Looking at individual performance, the following chart shows how each vendor performed over time:
The mobile industry has historically been unforgiving. Companies that fall into unprofitability tend to stay there or exit/merge. This has claimed many: Ericsson, Siemens, Alcatel, BenQ, Palm, Sony, Toshiba, Handspring, NEC, Hitachi, Casio.
LG, MMI and Sony Ericsson are all in the same precarious situation. We’ll have to watch carefully whether a recovery is possible for any of them and whether Nokia will reach the same rocky position.
Looking at operating profit shares, the picture is plain to see. While RIM, Samsung and HTC have maintained profit share, between 2007 and now, profit share has mostly shifted from Nokia to Apple.
But this does not tell the whole story. Here are the absolute amounts of operating profit from mobile phones.

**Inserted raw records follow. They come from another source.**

Fixpoint run_complete c v y (evc : ev c v y) : exists s, run s c v = Some y
with map_run_complete gs v ys (evgs : evs gs v ys) :
  exists s, map (fun g => run s g v) gs = map Some ys.
Proof.
- case: c v y / evc => [v|x v|i v lt_iv|f gs v ys y evgs evf|f g v y evf
    |f g n v z y evn evg|f v n ev0 pos].
  + by exists 0.
  + by exists 0.
  + by exists 0; rewrite /= lt_iv.
  + have [s1 Egs] := map_run_complete _ _ _ evgs; have [s2 Ef] := run_complete _ _ _ evf.
    exists (maxn s1 s2) => /=.
    rewrite (proj2 (all_someP _ _) (map_run_mono (leq_maxl s1 s2) Egs)) /=.
    exact: run_mono (leq_maxr s1 s2) Ef.
  + exact: run_complete _ _ _ evf.
  + have [s1 En] := run_complete _ _ _ evn; have [s2 Eg] := run_complete _ _ _ evg.
    exists (maxn s1 s2); have /= -> := run_mono (leq_maxl s1 s2) En.
    exact: run_mono (leq_maxr s1 s2) Eg.
  + have [s0 E0] := run_complete _ _ _ ev0.
    have [S posS] : exists S, positive_below (fun m => run S f (m :: v)) n.
      apply: uniform_stage => [s s' m le_ss' [k Ek]|m /pos [k /run_complete [s Ek]]].
        by exists k; apply: run_mono le_ss' Ek.
      by exists s, k.
    exists (maxn (maxn s0 S) n.+1); apply: run_Mu; first exact: leq_maxr.
      exact: run_mono (leq_trans (leq_maxl _ _) (leq_maxl _ _)) E0.
    move=> m /posS [k Ek]; exists k.
    exact: run_mono (leq_trans (leq_maxr _ _) (leq_maxl _ _)) Ek.
- case: gs v ys / evgs => [v|g gs v y ys evg evgs]; first by exists 0.
  have [s1 Eg] := run_complete _ _ _ evg; have [s2 Egs] := map_run_complete _ _ _ evgs.
  exists (maxn s1 s2) => /=; rewrite (run_mono (leq_maxl s1 s2) Eg).
  by rewrite (map_run_mono (leq_maxr s1 s2) Egs).
Qed.
Lemma V_rec1 k : (0 < k)%N ->
  k.+1%:R ^+ 2 * V1 k.+1 + V0 k.+1
  = 6 * V1 k + 6 * conv1 V0 V1 V0 V1 k
    + 2 * conv1 V0 V1 (conv V0 V0) (conv1 V0 V1 V0 V1) k
    - wconv1 V0 V1 V0 V1 k.+1 / 2.
Proof.
case: (ltnP 2 k) => [k2 _|]; last first.
  by case: k => [|[|[|]]] //= _ _; evaluate.
rewrite /conv1 /wconv1 (convDr V0 (conv V0 V1) (conv V1 V0)) (conv_convC V0 V1 V0).
rewrite (convC V1 V0) (wconvC V1 V0).
rewrite conv01 ?conv001 ?conv100 ?wconv01 ?tail_V1; try lia.
by rewrite -[k.+1%:R]natr1; evaluate.
Qed.

Lemma V_rec2 k : (0 < k)%N ->
  k.+1%:R ^+ 2 * V2 k.+1 + V1 k.+1
  = 6 * V2 k + 6 * conv2 V0 V1 V2 V0 V1 V2 k
    + 2 * conv2 V0 V1 V2 (conv V0 V0) (conv1 V0 V1 V0 V1) (conv2 V0 V1 V2 V0 V1 V2) k
    - wconv2 V0 V1 V2 V0 V1 V2 k.+1 / 2.
Proof.
case: (ltnP 5 k) => [k5 _|]; last first.
  by case: k => [|[|[|[|[|[|]]]]]] //= _ _; evaluate.
rewrite /conv1 /conv2 /wconv2 (convDr V1 (conv V0 V1) (conv V1 V0)).
rewrite (convDr V0 (fun j => conv V0 V2 j + conv V1 V1 j) (conv V2 V0)).
rewrite (convDr V0 (conv V0 V2) (conv V1 V1)) (conv_convC V0 V2 V0).
rewrite (conv_convC V1 V1 V0) (convC V2 V0) (wconvC V2 V0).
rewrite conv02 ?conv11 ?conv002 ?conv011 ?conv101 ?conv200 ?wconv02 ?wconv11;
  rewrite ?tail_V2 ?tail_V1; try lia.
by rewrite -[k.+1%:R]natr1; evaluate.
Qed.

End Coefficients.

Arguments V0 {R} j.
Arguments V1 {R} j.
Arguments V2 {R} j.

Section Scaling.
Variable R : numFieldType.
Implicit Types A B C D E W : nat -> R.

Definition scaled A j : R := A j / 2 ^+ j.

Lemma scaled_geom A j : scaled A j = A j * 2^-1 ^+ j.
Proof. by rewrite /scaled exprVn. Qed.

Lemma conv_scaled A B k : conv (scaled A) (scaled B) k = scaled (conv A B) k.
Proof. rewrite scaled_geom -conv_geom; apply: eq_conv => j; exact: scaled_geom. Qed.

Lemma wconv_scaled A B k : wconv (scaled A) (scaled B) k = scaled (wconv A B) k.
Proof.
rewrite scaled_geom -wconv_geom /wconv.
by apply: eq_bigr => j _; rewrite !scaled_geom.
Qed.

Lemma scaledD A B k : scaled (fun j => A j + B j) k = scaled A k + scaled B k.
Proof. exact: mulrDl. Qed.

Lemma scaled_rec (m : R) A B C D E W k :
  m * A k.+1 + B k.+1 = 6 * C k + 6 * D k + 2 * E k - W k.+1 / 2 ->
  m * scaled A k.+1 + scaled B k.+1
  = 3 * scaled C k + 3 * scaled D k + scaled E k - 2^-1 * scaled W k.+1.
Proof.
have t0 : (2 : R) ^+ k != 0 by rewrite expf_neq0 ?pnatr_eq0.
move=> rec; rewrite /scaled exprS mulrA -mulrDl rec.
by field.
Qed.

Lemma scaled_rec0 (m : R) A C D E W k :
  m * A k.+1 = 6 * C k + 6 * D k + 2 * E k - W k.+1 / 2 ->
  m * scaled A k.+1 = 3 * scaled C k + 3 * scaled D k + scaled E k - 2^-1 * scaled W k.+1.
Proof.
move=> rec; rewrite -[LHS]addr0 -[0](mul0r (2 ^- k.+1)).
by apply: (scaled_rec (B := fun=> 0)); rewrite addr0.
Qed.

End Scaling.

Section ExpansionOfConvolutions.
Variable R : realFieldType.
Implicit Types (A B : nat -> R) (u v : nat -> R -> R).

Lemma expansion_conv u v A0 A1 A2 B0 B1 B2 k :
  (forall j, (0 < j < k)%N -> expansion (u j) (scaled A0 j) (scaled A1 j) (scaled A2 j)) ->
  (forall j, (0 < j < k)%N -> expansion (v j) (scaled B0 j) (scaled B1 j) (scaled B2 j)) ->
  expansion (fun a => conv (u^~ a) (v^~ a) k)
    (scaled (conv A0 B0) k) (scaled (conv1 A0 A1 B0 B1) k)
    (scaled (conv2 A0 A1 A2 B0 B1 B2) k).
Proof.
move=> eu ev.
apply: expansion_eq (expansion_sum (F := fun j a => u j a * v (k - j)%N a) _) _ _ _.
- by move=> j /andP[j1 jk]; apply: expansionM; [apply: eu | apply: ev]; lia.
- by rewrite -conv_scaled.
- by rewrite /conv1 scaledD -!conv_scaled -big_split.
- by rewrite /conv2 !scaledD -!conv_scaled -!big_split.
Qed.

Lemma expansion_wconv u v A0 A1 A2 B0 B1 B2 k :
  (forall j, (0 < j < k)%N -> expansion (u j) (scaled A0 j) (scaled A1 j) (scaled A2 j)) ->
  (forall j, (0 < j < k)%N -> expansion (v j) (scaled B0 j) (scaled B1 j) (scaled B2 j)) ->
  expansion (fun a => wconv (u^~ a) (v^~ a) k)
    (scaled (wconv A0 B0) k) (scaled (wconv1 A0 A1 B0 B1) k)
    (scaled (wconv2 A0 A1 A2 B0 B1 B2) k).
Proof.
move=> eu ev; apply: expansion_eq
  (expansion_sum (F := fun j a => (k%:R - 2 * j%:R) ^+ 2 * (u j a * v (k - j)%N a)) _)
  _ _ _.
- move=> j /andP[j1 jk]; apply: expansionZ.
  by apply: expansionM; [apply: eu | apply: ev]; lia.
- by rewrite -wconv_scaled.
- by rewrite /wconv1 scaledD -!wconv_scaled -big_split; apply: eq_bigr => j _; rewrite mulrDr.
- rewrite /wconv2 !scaledD -!wconv_scaled -!big_split.
  by apply: eq_bigr => j _; rewrite !mulrDr.
Qed.

End ExpansionOfConvolutions.

Section ExpansionOfU.
Variable R : realType.
Implicit Types (a : R) (n : nat).

Lemma size_useq a n : size (useq a n) = n.+1.
Proof. by elim: n => //= n IH; rewrite size_rcons IH. Qed.

Lemma nth_useq a n j : (j <= n)%N -> nth 0 (useq a n) j = uu a j.
Proof.
rewrite /uu; elim: n => [|n IH]; first by rewrite leqn0 => /eqP ->.
rewrite leq_eqVlt => /orP[/eqP -> // | lt_jn].
by rewrite /= nth_rcons size_useq lt_jn IH.
Qed.

Lemma uu_ustep a n : uu a n.+1 = ustep a (useq a n) n.+1.
Proof. by rewrite /uu /= nth_rcons size_useq ltnn eqxx. Qed.

Lemma uu1 a : uu a 1 = 1 / (a ^+ 2 + 1).
Proof. by rewrite uu_ustep. Qed.

Lemma uu_conv a n :
  uu a n.+2 = (3 * uu a n.+1 + 3 * conv (uu a) (uu a) n.+1
               + conv (uu a) (conv (uu a) (uu a)) n.+1
               - 2^-1 * wconv (uu a) (uu a) n.+2) / (a ^+ 2 + (n.+2 ^ 2)%:R).
Proof.
rewrite uu_ustep; set s := useq a n.+1.
have u j : (j <= n.+1)%N -> nth 0 s j = uu a j by exact: nth_useq.
rewrite /ustep /= -wconv_half mulrA mulVf ?pnatr_eq0 // mul1r.
congr ((_ + _ + _ - _) / _).
- congr (_ * _); apply: eq_big_nat => j /andP[j1 jn].
  by rewrite !u //; lia.
- rewrite /conv; apply: eq_big_nat => j /andP[j1 jn]; rewrite mulr_sumr.
  by apply: eq_big_nat => i /andP[i1 ij]; rewrite !u ?mulrA //; lia.
- rewrite big_mkcond [RHS]big_mkcond; apply: eq_big_nat => j /andP[j1 jn].
  by rewrite !u //; lia.
Qed.

Lemma uu_expansion n : (0 < n)%N ->
  expansion (fun a => uu a n) (scaled V0 n) (scaled V1 n) (scaled V2 n).
Proof.
elim/ltn_ind: n => -[|[|k]] IH // _.
  apply: expansion_ext (expansion_div_sqrD (expansion_cst 1) ltr01 _ _ _) => [a|||];
    rewrite ?uu1 // /scaled /V0 /V1 /V2 /tail0 /=; by field.
have exp_u j : (0 < j < k.+2)%N ->
    expansion (fun a => uu a j) (scaled V0 j) (scaled V1 j) (scaled V2 j).
  by move=> /andP[j0 jk]; apply: IH.
have exp_u' j : (0 < j < k.+1)%N ->
    expansion (fun a => uu a j) (scaled V0 j) (scaled V1 j) (scaled V2 j).
  by move=> jk; apply: exp_u; lia.
have exp_sq j : (0 < j < k.+1)%N -> expansion (fun a => conv (uu a) (uu a) j)
    (scaled (conv V0 V0) j) (scaled (conv1 V0 V1 V0 V1) j)
    (scaled (conv2 V0 V1 V2 V0 V1 V2) j).
  by move=> jk; apply: expansion_conv => i ij; apply: exp_u; lia.
have exp_num := expansionB
  (expansionD (expansionD (expansionZ 3 (exp_u k.+1 _))
                          (expansionZ 3 (expansion_conv exp_u' exp_u')))
              (expansion_conv exp_u' exp_sq))
  (expansionZ 2^-1 (expansion_wconv exp_u exp_u)).
apply: expansion_ext (expansion_div_sqrD (exp_num _) _ _ _ _) => [a|||||].
- by rewrite uu_conv.
- by lia.
- by rewrite ltr0n expn_gt0.
- by rewrite natrX; apply: scaled_rec0; apply: V_rec0.
- by rewrite natrX; apply: scaled_rec; apply: V_rec1.
- by rewrite natrX; apply: scaled_rec; apply: V_rec2.
Qed.

End ExpansionOfU.

Theorem proposition12 (R : realType) :
  [/\ a4_coef (fun a : R => uu a 1) 1,
      a4_coef (fun a : R => uu a 2) (63 / 64),
      a4_coef (fun a : R => uu a 3) (2917 / 2592),
      a4_coef (fun a : R => uu a 4) ((5 * 229 * 293) / (2 ^+ 12 * 3 ^+ 4)) &
      a4_coef (fun a : R => uu a 5) ((251 * 1523) / (2 ^+ 11 * 3 ^+ 2 * 5 ^+ 2))]
  /\ forall n : nat, (6 <= n)%N ->
      a4_coef (fun a : R => uu a n)
        ((61 ^+ 2 / 12 ^+ 4) * ((n.+1)%:R ^+ 2 / 2 ^+ n.+1)
         * (n%:R + (2 ^+ 2 * 29 ^+ 2 * 89) / (5 ^+ 2 * 61 ^+ 2))).
Proof.
have coef_a4 n c :
    (0 < n)%N -> scaled (V2 : nat -> R) n = c -> a4_coef (fun a : R => uu a n) c.
  by move=> n0 <-; exact: expansion_a4_coef (uu_expansion R n0).
split; first by split; apply: coef_a4 => //; rewrite /scaled /=; field.
move=> n n6; apply: coef_a4; first lia.
have t0 : (2 : R) ^+ n != 0 by rewrite expf_neq0 ?pnatr_eq0.
rewrite /scaled tail_V2 // /tail2 -[n.+1%:R]natr1 [2 ^+ n.+1]exprS.
by field.
Qed.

Exactly three years ago Nokia was earning 47% profit share or $2.35 billion. This past quarter Apple’s 57% was equivalent to $5.23 billion, more than twice as much.
Finally, the league table shows how Nokia has now dropped from second to fourth in the last quarter. Not only Samsung, but RIM has overtaken Nokia as well.
It’s become routine to see Apple at the top of the list of profit earners from mobile phones.